Silence
2024-01-20

I have wrestled with feelings over the past few weeks that I would reckon as the aftermath. The aftermath of a loss of life and breath and time. A part of me is now in a long silence.

As I am reading through this biography of Winston Churchill, I learned that his dad died when Winston was 21. Winston went on to live to the ripe, old age of 91. It goes without saying that he had so much life ahead of himself when his dad passed. Not much longer after Winston's dad died his nanny also died; the person he supposedly was closest to in the world. 70 years later Winston died with a photo of her at his bedside. What is left?

What was left in Winston's case after his dad died were so many things that did not even yet exist. In my case as well, I hope there are children and adventures and deep conversations and simple relaxation and hard work and all that life would have in store— we can not only keep the good with none of the heartache.

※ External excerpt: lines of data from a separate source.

(* Let $A=I_0+\dots+I_n$ be a sum of C$^*$-ideals, $p\in\{0,\dots,n\}$ and $J\subseteq\{0,\dots,n\}$ with $|J|=p+1$. Then $$B_J/(B_J\cap Q_{p-1})\cong S^{n-p}\Big(\bigcap_{j\in J}I_j\Big)$$ as C$^*$-algebras.
   Context: $\Delta^n=\{x\in[0,1]^{n+1}:\sum_ix_i=1\}$, $\partial\Delta^n$ = points with a zero coordinate, $\Delta^n_j=\{x\in\Delta^n:x_j\le x_i\ \forall i\}$. $B=\{f:\Delta^n\to A\text{ continuous}: f|_{\partial\Delta^n}=0,\ f(\Delta^n_j)\subseteq I_j\ \forall j\}$; $B_J=\{f\in B:f(\Delta^n_{j'})=0\ \forall j'\notin J\}$; $Q_p=\sum_{|L|\le p+1}B_L$ for $p\in\mathbb Z$ (so $Q_{-1}=0$). $S^k$ denotes the $k$-fold C$^*$-suspension, $SA=\{f:[0,1]\to A\text{ continuous}:f(0)=f(1)=0\}$, with $S^0$ the identity. *)

From Stdlib Require Import Reals Lra Lia ZArith List.
Open Scope R_scope.

Record Cplx := mkC { Cre : R ; Cim : R }.
Definition C0 : Cplx := mkC 0 0.
Definition C1 : Cplx := mkC 1 0.
Definition Cadd (a b : Cplx) : Cplx := mkC (Cre a + Cre b) (Cim a + Cim b).
Definition Cmul (a b : Cplx) : Cplx :=
  mkC (Cre a * Cre b - Cim a * Cim b) (Cre a * Cim b + Cim a * Cre b).
Definition Cconj (a : Cplx) : Cplx := mkC (Cre a) (- Cim a).
Definition Cabs (a : Cplx) : R := sqrt (Cre a * Cre a + Cim a * Cim a).

Record CStarAlg := {
  car :> Type;
  c0 : car;
  cadd : car -> car -> car;
  copp : car -> car;
  cscal : Cplx -> car -> car;
  cmul : car -> car -> car;
  cstar : car -> car;
  cnorm : car -> R;
  cadd_assoc : forall x y z, cadd x (cadd y z) = cadd (cadd x y) z;
  cadd_comm : forall x y, cadd x y = cadd y x;
  cadd_0 : forall x, cadd x c0 = x;
  cadd_opp : forall x, cadd x (copp x) = c0;
  cscal_1 : forall x, cscal C1 x = x;
  cscal_mul : forall a b x, cscal (Cmul a b) x = cscal a (cscal b x);
  cscal_addl : forall a b x, cscal (Cadd a b) x = cadd (cscal a x) (cscal b x);
  cscal_addr : forall a x y, cscal a (cadd x y) = cadd (cscal a x) (cscal a y);
  cmul_assoc : forall x y z, cmul x (cmul y z) = cmul (cmul x y) z;
  cmul_addl : forall x y z, cmul (cadd x y) z = cadd (cmul x z) (cmul y z);
  cmul_addr : forall x y z, cmul x (cadd y z) = cadd (cmul x y) (cmul x z);
  cmul_scall : forall a x y, cmul (cscal a x) y = cscal a (cmul x y);
  cmul_scalr : forall a x y, cmul x (cscal a y) = cscal a (cmul x y);
  cstar_invol : forall x, cstar (cstar x) = x;
  cstar_add : forall x y, cstar (cadd x y) = cadd (cstar x) (cstar y);
  cstar_scal : forall a x, cstar (cscal a x) = cscal (Cconj a) (cstar x);
  cstar_mul : forall x y, cstar (cmul x y) = cmul (cstar y) (cstar x);
  cnorm_nonneg : forall x, 0 <= cnorm x;
  cnorm_eq0 : forall x, cnorm x = 0 -> x = c0;
  cnorm_tri : forall x y, cnorm (cadd x y) <= cnorm x + cnorm y;
  cnorm_scal : forall a x, cnorm (cscal a x) = Cabs a * cnorm x;
  cnorm_mul : forall x y, cnorm (cmul x y) <= cnorm x * cnorm y;
  cnorm_cstar : forall x, cnorm (cmul (cstar x) x) = cnorm x * cnorm x;
  ccomplete : forall u : nat -> car,
    (forall eps, 0 < eps -> exists N, forall m k, (N <= m)%nat -> (N <= k)%nat ->
        cnorm (cadd (u m) (copp (u k))) < eps) ->
    exists l, forall eps, 0 < eps -> exists N, forall m, (N <= m)%nat ->
        cnorm (cadd (u m) (copp l)) < eps
}.

Arguments c0 {_}. Arguments cadd {_}. Arguments copp {_}. Arguments cscal {_}.
Arguments cmul {_}. Arguments cstar {_}. Arguments cnorm {_}.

This long silence, however long it may be, is this stretch of life in between tears and new, deep laughs. It is this in-between loss of life and birth of life. In essence, it is the period between the rising of the moon and the rising of the sun. As time passes, we grow and we experience and we begin to understand that the realities of life affect us all.

Fill your lungs with a full breath of air. Let the morning sun warm your face. Give a hug to a loved one. Get some mud on your boots. Live life to the utmost fullest.